Definition nabla0 (X Y : V3 -> V3) (p : V3) : V3 :=
  vderive (fun t => Y (vadd p (vscal t (X p)))) 0.
Definition snm (C : V3) (X Y : V3 -> V3) (p : V3) : V3 :=
  vadd (nabla0 X Y p) (vscal (dot C (Y p)) (X p)).
Definition lie3 (X Y : V3 -> V3) (p : V3) : V3 := vsub (nabla0 X Y p) (nabla0 Y X p).
Definition Rtilde (C : V3) (X Y Z : V3 -> V3) (p : V3) : V3 :=
  vsub (vsub (snm C X (snm C Y Z) p) (snm C Y (snm C X Z) p)) (snm C (lie3 X Y) Z p).
Definition cstV (e : V3) : V3 -> V3 := fun _ => e.
Definition Ktilde (C : V3) (p e1 e2 : V3) : R :=
  / 2 * (dot (Rtilde C (cstV e1) (cstV e2) (cstV e2) p) e1
         + dot (Rtilde C (cstV e2) (cstV e1) (cstV e1) p) e2).

(** Points of M are parametrized by (x,y); vector fields along M are
    maps R -> R -> V3 (value at the point (x,y,u(x,y))). *)
Definition graph (u : R -> R -> R) (x y : R) : V3 := mkV x y (u x y).
Definition pux (u : R -> R -> R) (x y : R) : R := Derive (fun t => u t y) x.
Definition puy (u : R -> R -> R) (x y : R) : R := Derive (fun t => u x t) y.
Definition normal (u : R -> R -> R) (x y : R) : V3 :=
  vscal (/ sqrt (1 + pux u x y ^ 2 + puy u x y ^ 2)) (mkV (- pux u x y) (- puy u x y) 1).
Definition tangent (u : R -> R -> R) (x y : R) (v : V3) : Prop := dot v (normal u x y) = 0.
Definition tproj (u : R -> R -> R) (x y : R) (v : V3) : V3 :=
  vsub v (vscal (dot v (normal u x y)) (normal u x y)).
(** Ambient directional derivative of a field W along M in the direction of a
    tangent field Z: a tangent vector (a,b,c) to the graph is the image of
    the parameter direction (a,b), so (nabla0_Z W) = a dW/dx + b dW/dy. *)
Definition DM (Z W : R -> R -> V3) (x y : R) : V3 :=
  vadd (vscal (v1 (Z x y)) (vderive (fun t => W t y) x))
       (vscal (v2 (Z x y)) (vderive (fun t => W x t) y)).
Definition nablaM (u : R -> R -> R) (C : V3) (Z W : R -> R -> V3) (x y : R) : V3 :=
  tproj u x y (vadd (DM Z W x y) (vscal (dot C (W x y)) (Z x y))).
Definition lieM (Z W : R -> R -> V3) (x y : R) : V3 := vsub (DM Z W x y) (DM W Z x y).
Definition RM (u : R -> R -> R) (C : V3) (Z W V : R -> R -> V3) (x y : R) : V3 :=
  vsub (vsub (nablaM u C Z (nablaM u C W V) x y) (nablaM u C W (nablaM u C Z V) x y))
       (nablaM u C (lieM Z W) V x y).
(** tangent extension along M of a tangent vector e at (x0,y0): the tangent
    field with the same (constant) parameter components as e. *)
Definition text (u : R -> R -> R) (e : V3) : R -> R -> V3 :=
  fun x y => mkV (v1 e) (v2 e) (v1 e * pux u x y + v2 e * puy u x y).
Definition KM (u : R -> R -> R) (C : V3) (x y : R) (e1 e2 : V3) : R :=
  / 2 * (dot (RM u C (text u e1) (text u e2) (text u e2) x y) e1
         + dot (RM u C (text u e2) (text u e1) (text u e1) x y) e2).

Definition orthonormal (e1 e2 : V3) : Prop :=
  dot e1 e1 = 1 /\ dot e2 e2 = 1 /\ dot e1 e2 = 0.

Definition open2 (U : R -> R -> Prop) : Prop :=
  forall x y, U x y -> exists eps, 0 < eps /\
    forall x' y', Rabs (x' - x) < eps -> Rabs (y' - y) < eps -> U x' y'.
Definition connected2 (O : R -> R -> Prop) : Prop :=
  ~ exists U V : R -> R -> Prop, open2 U /\ open2 V /\
      (forall x y, O x y -> U x y \/ V x y) /\
      (exists x y, O x y /\ U x y) /\ (exists x y, O x y /\ V x y) /\
      (forall x y, O x y -> U x y -> V x y -> False).

Definition usol (c : R) (x y : R) : R :=
  - (1 / c) * ln (cos (c * x)) - ((2 * c - 1) / c) * ln (cos (c * y / (2 * c - 1))).

(* Where u_x = f(x) and u_y = g(y) with f' = alpha (1 + f^2) and g' = beta (1 + g^2), the
   induced connection in parameter coordinates only involves the slopes p = f(x), q = g(y), and
   a direct computation gives K = (p^2 + q^2 + (2 alpha beta - alpha - beta)(1+p^2)(1+q^2)/S) / (2S)
   with S = 1 + p^2 + q^2 (the parameter components of an orthonormal tangent basis satisfy
   (a1 b2 - a2 b1)^2 = 1/S).  On the other hand, for constant fields R~(X,Y)Z = <C,Z>(<C,Y>X - <C,X>Y), so
   K~(T_pM) = (<e_z,e1>^2 + <e_z,e2>^2)/2 = (p^2 + q^2)/(2S).  Hence K = K~ exactly when
   2 alpha beta = alpha + beta, which is G = <C,N> H.  The given u has f = tan(cx),
   g = tan(cy/(2c-1)), alpha = c, beta = c/(2c-1). *)

From Stdlib Require Import Reals Lra Psatz.
From Coquelicot Require Import Coquelicot.
Open Scope R_scope.

(* The tangent vector a d/dx + b d/dy of a graph whose slopes at the point are p and q. *)
Definition tvec (p q a b : R) : V3 := mkV a b (a * p + b * q).

Ltac vsimp := unfold ez, tvec, vsub, vadd, vscal, dot, mkV, v1, v2, v3; cbn [fst snd].

Lemma V3_ext (v w : V3) : v1 v = v1 w -> v2 v = v2 w -> v3 v = v3 w -> v = w.
Proof.
  destruct v as [[a b] c], w as [[a' b'] c']; unfold v1, v2, v3; cbn.
  intros -> -> ->; reflexivity.
Qed.

Lemma tvec_sub p q a b a' b' :
  vsub (tvec p q a b) (tvec p q a' b') = tvec p q (a - a') (b - b').
Proof. apply V3_ext; vsimp; ring. Qed.

Lemma vsub_0r v : vsub v (mkV 0 0 0) = v.
Proof. destruct v as [[a b] c]; apply V3_ext; vsimp; ring. Qed.

Lemma dot_tvec p q a b a' b' :
  dot (tvec p q a b) (tvec p q a' b') = a * a' + b * b' + (a * p + b * q) * (a' * p + b' * q).
Proof. vsimp; ring. Qed.

Lemma dot_ez_tvec p q a b : dot ez (tvec p q a b) = a * p + b * q.
Proof. vsimp; ring. Qed.

Lemma slope_norm_pos p q : 0 < 1 + p ^ 2 + q ^ 2.
Proof. nra. Qed.

Lemma tangent_tvec u x y v :
  tangent u x y v -> v = tvec (pux u x y) (puy u x y) (v1 v) (v2 v).
Proof.
  unfold tangent, normal; intros H.
  set (P := pux u x y) in *; set (Q := puy u x y) in *.
  set (r := sqrt (1 + P ^ 2 + Q ^ 2)) in H.
  assert (Hr : 0 < r) by apply sqrt_lt_R0, slope_norm_pos.
  destruct v as [[a b] z]; unfold dot, vscal, mkV, v1, v2, v3 in H; cbn in H.
  assert (Hz : / r * (z - (a * P + b * Q)) = 0) by (rewrite <- H; ring).
  apply Rmult_integral in Hz as [Hz | Hz].
  - exfalso; apply (Rinv_neq_0_compat r); lra.
  - apply V3_ext; vsimp; lra.
Qed.

Lemma vscal_dot_vscal k v n :
  vscal (dot v (vscal k n)) (vscal k n) = vscal (k * k * dot v n) n.
Proof. apply V3_ext; vsimp; ring. Qed.

Lemma tproj_tvec u x y v :
  tproj u x y v =
  let P := pux u x y in let Q := puy u x y in
  let d := (v3 v - P * v1 v - Q * v2 v) / (1 + P ^ 2 + Q ^ 2) in
  tvec P Q (v1 v + d * P) (v2 v + d * Q).
Proof.
  unfold tproj, normal; cbv zeta; rewrite vscal_dot_vscal.
  set (P := pux u x y); set (Q := puy u x y).
  assert (HS := slope_norm_pos P Q).
  rewrite <- Rinv_mult, sqrt_sqrt by lra.
  destruct v as [[a b] z]; apply V3_ext; vsimp; field; lra.
Qed.

Lemma nablaM_zero u C (Z W : R -> R -> V3) x y :
  Z x y = mkV 0 0 0 -> nablaM u C Z W x y = mkV 0 0 0.
Proof.
  intros HZ; unfold nablaM, tproj, DM; rewrite HZ; apply V3_ext; vsimp; ring.
Qed.

Lemma vderive_loc (W : R -> V3) t A B C dA dB dC :
  locally t (fun r => W r = mkV (A r) (B r) (C r)) ->
  is_derive A t dA -> is_derive B t dB -> is_derive C t dC ->
  vderive W t = mkV dA dB dC.
Proof.
  intros HW HA HB HC; unfold vderive; apply V3_ext; vsimp.
  - rewrite (Derive_ext_loc _ A); [now apply is_derive_unique |].
    apply (filter_imp _ _ (fun r Hr => f_equal v1 Hr) HW).
  - rewrite (Derive_ext_loc _ B); [now apply is_derive_unique |].
    apply (filter_imp _ _ (fun r Hr => f_equal v2 Hr) HW).
  - rewrite (Derive_ext_loc _ C); [now apply is_derive_unique |].
    apply (filter_imp _ _ (fun r Hr => f_equal v3 Hr) HW).
Qed.

Lemma is_derive_mul_add (A P B Q : R -> R) t dA dP dB dQ l :
  l = dA * P t + A t * dP + (dB * Q t + B t * dQ) ->
  is_derive A t dA -> is_derive P t dP -> is_derive B t dB -> is_derive Q t dQ ->
  is_derive (fun r => A r * P r + B r * Q r) t l.
Proof.
  intros -> HA HP HB HQ.
  apply (is_derive_plus (fun r => A r * P r) (fun r => B r * Q r));
    apply (is_derive_mult (K := R_AbsRing)); auto; intros; apply Rmult_comm.
Qed.

Lemma open2_locally_x D x y : open2 D -> D x y -> locally x (fun t => D t y).
Proof.
  intros HD Hxy; destruct (HD x y Hxy) as [eps [Heps Hball]].
  exists (mkposreal eps Heps); intros t Ht; apply Hball; [exact Ht |].
  rewrite Rminus_diag, Rabs_R0; exact Heps.
Qed.

Lemma open2_locally_y D x y : open2 D -> D x y -> locally y (fun t => D x t).
Proof.
  intros HD Hxy; destruct (HD x y Hxy) as [eps [Heps Hball]].
  exists (mkposreal eps Heps); intros t Ht; apply Hball; [| exact Ht].
  rewrite Rminus_diag, Rabs_R0; exact Heps.
Qed.

Lemma vderive_const (e : V3) t : vderive (fun _ => e) t = mkV 0 0 0.
Proof. unfold vderive; rewrite !Derive_const; reflexivity. Qed.

Lemma vadd_0l v : vadd (mkV 0 0 0) v = v.
Proof. destruct v as [[a b] c]; apply V3_ext; vsimp; ring. Qed.

Lemma Rtilde_cst C e1 e2 e3 P :
  Rtilde C (cstV e1) (cstV e2) (cstV e3) P =
  vscal (dot C e3) (vsub (vscal (dot C e2) e1) (vscal (dot C e1) e2)).
Proof.
  unfold Rtilde, snm, lie3, nabla0, cstV; cbv beta.
  repeat rewrite vderive_const; rewrite !vadd_0l.
  destruct C as [[c1 c2] c3], e1 as [[a1 b1] z1], e2 as [[a2 b2] z2], e3 as [[a3 b3] z3].
  apply V3_ext; vsimp; ring.
Qed.

Lemma Ktilde_orthonormal C P e1 e2 :
  orthonormal e1 e2 -> Ktilde C P e1 e2 = (dot C e1 ^ 2 + dot C e2 ^ 2) / 2.
Proof.
  intros [H11 [H22 H12]]; unfold Ktilde; rewrite !Rtilde_cst.
  assert (H21 : dot e2 e1 = 0) by (rewrite <- H12; unfold dot; ring).
  transitivity (/ 2 * (dot C e2 * (dot C e2 * dot e1 e1 - dot C e1 * dot e2 e1)
                       + dot C e1 * (dot C e1 * dot e2 e2 - dot C e2 * dot e1 e2))).
  - destruct C as [[c1 c2] c3], e1 as [[a1 b1] z1], e2 as [[a2 b2] z2]; vsimp; ring.
  - rewrite H11, H22, H12, H21; field.
Qed.

Lemma orthonormal_tvec_heights p q a1 b1 a2 b2 :
  orthonormal (tvec p q a1 b1) (tvec p q a2 b2) ->
  (a1 * p + b1 * q) ^ 2 + (a2 * p + b2 * q) ^ 2 = (a1 * b2 - a2 * b1) ^ 2 * (p ^ 2 + q ^ 2).
Proof.
  unfold orthonormal; rewrite !dot_tvec; intros [H11 [H22 H12]].
  set (z1 := a1 * p + b1 * q) in *; set (z2 := a2 * p + b2 * q) in *.
  assert (Id : z1 ^ 2 + z2 ^ 2 - (a1 * b2 - a2 * b1) ^ 2 * (p ^ 2 + q ^ 2) =
    - (z2 ^ 2 * (a1 * a1 + b1 * b1 + z1 * z1 - 1) - 2 * z1 * z2 * (a1 * a2 + b1 * b2 + z1 * z2)
       + z1 ^ 2 * (a2 * a2 + b2 * b2 + z2 * z2 - 1))) by (unfold z1, z2; ring).
  rewrite H11, H22, H12 in Id; lra.
Qed.

Section RiccatiGraph.

Variables (u : R -> R -> R) (D : R -> R -> Prop) (f g : R -> R) (alpha beta : R).

(* <e_z, N> h(X, Y) for X = (a, b), Y = (A, B): here u_xx = alpha (1 + p^2), u_yy = beta (1 + q^2),
   u_xy = 0 and <e_z, N> = 1 / sqrt S. *)
Definition sff (p q a b A B : R) : R :=
  (alpha * a * A * (1 + p ^ 2) + beta * b * B * (1 + q ^ 2)) / (1 + p ^ 2 + q ^ 2).

(* nabla_X Y = X(Y) + (gam1, gam2)(X, Y) in parameter coordinates: sff (p, q) comes from projecting
   (a A u_xx + b B u_yy) e_z onto the tangent plane, (A p + B q)(a, b) is the snm term <C,Y> X. *)
Definition gam1 (p q a b A B : R) : R := sff p q a b A B * p + (A * p + B * q) * a.
Definition gam2 (p q a b A B : R) : R := sff p q a b A B * q + (A * p + B * q) * b.

Definition sff_p (p q a b A B : R) : R :=
  2 * p * (alpha * a * A - sff p q a b A B) / (1 + p ^ 2 + q ^ 2).
Definition sff_q (p q a b A B : R) : R :=
  2 * q * (beta * b * B - sff p q a b A B) / (1 + p ^ 2 + q ^ 2).

Ltac slope_derive :=
  intros; unfold gam1, gam2, sff_p, sff_q, sff; auto_derive;
  [apply Rgt_not_eq, slope_norm_pos | field; apply Rgt_not_eq, slope_norm_pos].

Lemma is_derive_gam1_p p q a b A B :
  is_derive (fun r => gam1 r q a b A B) p (sff_p p q a b A B * p + sff p q a b A B + A * a).
Proof. slope_derive. Qed.

Lemma is_derive_gam1_q p q a b A B :
  is_derive (fun r => gam1 p r a b A B) q (sff_q p q a b A B * p + B * a).
Proof. slope_derive. Qed.

Lemma is_derive_gam2_p p q a b A B :
  is_derive (fun r => gam2 r q a b A B) p (sff_p p q a b A B * q + A * b).
Proof. slope_derive. Qed.

Lemma is_derive_gam2_q p q a b A B :
  is_derive (fun r => gam2 p r a b A B) q (sff_q p q a b A B * q + sff p q a b A B + B * b).
Proof. slope_derive. Qed.

Hypothesis D_open : open2 D.
Hypothesis pux_D : forall x y, D x y -> pux u x y = f x.
Hypothesis puy_D : forall x y, D x y -> puy u x y = g y.
Hypothesis f_riccati : forall x y, D x y -> is_derive f x (alpha * (1 + f x ^ 2)).
Hypothesis g_riccati : forall x y, D x y -> is_derive g y (beta * (1 + g y ^ 2)).

Lemma text_tvec e x y : D x y -> text u e x y = tvec (f x) (g y) (v1 e) (v2 e).
Proof. intros Hxy; unfold text, tvec; rewrite pux_D, puy_D by exact Hxy; reflexivity. Qed.

Lemma vderive_tvec_x (Y : R -> R -> V3) (A B : R -> R -> R) x y Ax Bx :
  D x y -> (forall x' y', D x' y' -> Y x' y' = tvec (f x') (g y') (A x' y') (B x' y')) ->
  is_derive (fun t => A t y) x Ax -> is_derive (fun t => B t y) x Bx ->
  vderive (fun t => Y t y) x =
  mkV Ax Bx (Ax * f x + A x y * (alpha * (1 + f x ^ 2)) + Bx * g y).
Proof.
  intros Hxy HY HA HB.
  apply (vderive_loc _ _ (fun t => A t y) (fun t => B t y)
           (fun t => A t y * f t + B t y * g y)); auto.
  - apply (filter_imp (fun t => D t y)); [| now apply open2_locally_x].
    intros t Ht; rewrite (HY t y Ht); reflexivity.
  - apply (is_derive_mul_add _ f _ (fun _ => g y) x Ax (alpha * (1 + f x ^ 2)) Bx 0);
      [ring | exact HA | exact (f_riccati x y Hxy) | exact HB | exact (is_derive_const _ _)].
Qed.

☆ ☆ ☆ ☆ ☆ ☆ ☆

### Your assignment:
Copy out only the lines of the records above from the one with "Lemma open2_locally_y D" through the one with "[[a3 b3] z3].", exactly as they stand, both included.

### Output for this exercise:
Lemma open2_locally_y D x y : open2 D -> D x y -> locally y (fun t => D x t).
Proof.
  intros HD Hxy; destruct (HD x y Hxy) as [eps [Heps Hball]].
  exists (mkposreal eps Heps); intros t Ht; apply Hball; [| exact Ht].
  rewrite Rminus_diag, Rabs_R0; exact Heps.
Qed.

Lemma vderive_const (e : V3) t : vderive (fun _ => e) t = mkV 0 0 0.
Proof. unfold vderive; rewrite !Derive_const; reflexivity. Qed.

Lemma vadd_0l v : vadd (mkV 0 0 0) v = v.
Proof. destruct v as [[a b] c]; apply V3_ext; vsimp; ring. Qed.

Lemma Rtilde_cst C e1 e2 e3 P :
  Rtilde C (cstV e1) (cstV e2) (cstV e3) P =
  vscal (dot C e3) (vsub (vscal (dot C e2) e1) (vscal (dot C e1) e2)).
Proof.
  unfold Rtilde, snm, lie3, nabla0, cstV; cbv beta.
  repeat rewrite vderive_const; rewrite !vadd_0l.
  destruct C as [[c1 c2] c3], e1 as [[a1 b1] z1], e2 as [[a2 b2] z2], e3 as [[a3 b3] z3].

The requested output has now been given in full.